Following the collapse of the Soviet empire, a renegade Russian general commandeers a deadly satellite; in order to stop him, James Bond must go up against a fellow MI6 spy - who's also licensed to kill. After a six-year hiatus, the world's most famous secret agent returned to the screen in this successful reboot of the franchise for the 1990s. GOLDENEYE introduces a new Bond (Pierce Brosnan), a new M (Judi Dench), a new Miss Moneypenny (Samantha Bond) and even a new car (a souped-up BMW replaces the trusty Aston-Martin). And though it's also the first of the series to utilize CGI effects, the film has plenty of good old-fashioned stunt work, including a breathtaking opening bungee jump and a chase sequence with 007 behind the wheel of a tank!


LICENCE TO KILL
1989, Park Circus/MGM, 133 min, UK, Dir: John Glen

On his way to CIA friend Felix Leiter's wedding, James Bond is pulled into a mission that leaves Leiter injured and his bride dead. Bond vows revenge on the drug lord responsible, tracking him to Central America even after M has revoked his license to kill. One of the darker and more violent entries in the series, this film was the last with Timothy Dalton as Agent 007. It also was the last produced by franchise co-creator Albert “Cubby” Broccoli (though he would later consult on GOLDENEYE), and the final Bond film from screenwriter Richard Maibaum and title designer Maurice Binder.
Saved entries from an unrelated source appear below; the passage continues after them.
Lemma boxP (S : {set 'I_n}) i j a : box S i j a ->
  if j == i then a == 1 else if j \in S then 0 <= a <= 1 else a == 0.
Proof.
rewrite /box; case: ifP => _ /=.
  by rewrite in_itv /= => /andP [h1 h2]; rewrite eq_le h1 h2.
by case: ifP => _ /=; rewrite in_itv //= => /andP [h1 h2]; rewrite eq_le h1 h2.
Qed.

Lemma box_min (S : {set 'I_n}) i :
  exists2 c : 'rV[R]_n, (forall j, box S i j (c ord0 j)) &
    forall v : 'rV[R]_n, (forall j, box S i j (v ord0 j)) -> rqform c <= rqform v.
Proof.
pose B := [set v : 'rV[R]_n | forall j, box S i j (v ord0 j)]%classic.
have Bne : (B !=set0)%classic.
  exists (\row_j (j == i)%:R) => j /=; rewrite mxE /box.
  case: eqP => _ /=; first by rewrite in_itv /= lexx.
  by case: ifP => _ /=; rewrite in_itv /= lexx // ler01.
have Bc : compact B.
  by apply: rV_compact => j; rewrite /box; repeat case: ifP => _;
    exact: segment_compact.
have [c cB cmin] := EVT_min_rV Bne Bc (continuous_subspaceT rqform_cont).
exists c; first by move: cB; rewrite in_setE.
by move=> v vB; apply: cmin; rewrite in_setE.
Qed.

End BoxMinimum.

Definition supported_in (R : realType) n (y : 'cV[R]_n) (S : {set 'I_n}) : Prop :=
  forall k, k \notin S -> y k 0 = 0.

Section FaceBounds.
Variables (R : realType) (n : nat) (M : 'M[R]_n) (h : 'cV[R]_n).
Hypothesis cM : copositive M.
Hypothesis h_zero : forall u, is_zero M u -> lform h u = 0.

(* On a face of R^n_+ without zeros of M, the form is bounded below by a
   positive multiple of the square of the largest coordinate, by minimizing
   it over the compact box of normalized vectors. *)
Lemma face_min_pos S i : ~ (exists x, is_zero M x /\ supported_in x S) ->
  exists2 m, 0 < m & forall y, nonneg_mx y -> supported_in y S ->
    (forall j, y j 0 <= y i 0) -> m * y i 0 ^+ 2 <= qform M y.
Proof.
move=> nz; case: (boolP (i \in S)) => iS; last first.
  by exists 1 => // y y0 yS _; rewrite yS // expr0n mulr0; exact: cM.2.
have [c cbox cmin] := box_min M S i.
have c0 : nonneg_mx c^T.
  move=> a b; rewrite mxE ord1; have := boxP (cbox a).
  case: ifP => _; first by move=> /eqP ->.
  by case: ifP => _; [case/andP | move=> /eqP ->].
have m0 : 0 < rqform M c.
  rewrite lt_def rqformE (cM.2 _ c0) andbT; apply/eqP => q0; apply: nz.
  exists c^T; split; first split => //; first split => //.
    apply/negP => /eqP/matrixP/(_ i 0); rewrite !mxE.
    by have := boxP (cbox i); rewrite eqxx => /eqP ->; apply/eqP; rewrite oner_eq0.
  move=> k kS; rewrite mxE; have := boxP (cbox k).
  have -> : (k == i) = false by apply/negbTE; apply: contraNneq kS => ->.
  by rewrite (negbTE kS) => /eqP.
exists (rqform M c) => // y y0 yS ymax.
set s := y i 0 in ymax *.
have [s0|sn0] := eqVneq s 0; first by rewrite s0 expr0n mulr0; exact: cM.2.
have spos : 0 < s by rewrite lt_def sn0 y0.
have ybox j : box S i j ((s^-1 *: y)^T ord0 j).
  rewrite !mxE /box; case: eqP => [->|ji] /=.
    by rewrite in_itv /= mulVf // lexx.
  case: ifP => jS /=; rewrite in_itv /=.
    apply/andP; split; first by apply: mulr_ge0; [rewrite invr_ge0 ltW | exact: y0].
    by rewrite mulrC ler_pdivrMr // mul1r; exact: ymax.
  by rewrite yS ?jS // mulr0 lexx.
have := cmin _ ybox; rewrite [rqform M (_^T)]rqformE trmxK qformZ => hmin.
have -> : qform M y = s^-1 ^+ 2 * qform M y * s ^+ 2.
  by rewrite mulrAC -exprMn mulVf // expr1n mul1r.
by apply: ler_wpM2r => //; exact: sqr_ge0.
Qed.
With Carey Lowell, Robert Davi, Wayne Newton (as a televangelist) and a young Benicio Del Toro.


THE LIVING DAYLIGHTS
1987, Park Circus/MGM, 130 min, UK, Dir: John Glen

James Bond (Timothy Dalton) first encounters the lovely Kara Milovy (Maryam d'Abo) at a concert hall in Bratislava. Bond is there to bring a KGB defector back to Britain while she is there to play the cello - or so it initially appears. The KGB general, too, is not what he seems, and 007 soon finds himself entangled in assassinations, arms deals and Afghanistan's mujahideen in this gritty Cold War thriller. Dalton's first film as the oft-shaken-but-never-stirred spy, THE LIVING DAYLIGHTS also served as the swan song for longtime Bond composer John Barry. With Joe Don Baker and John Rhys-Davies.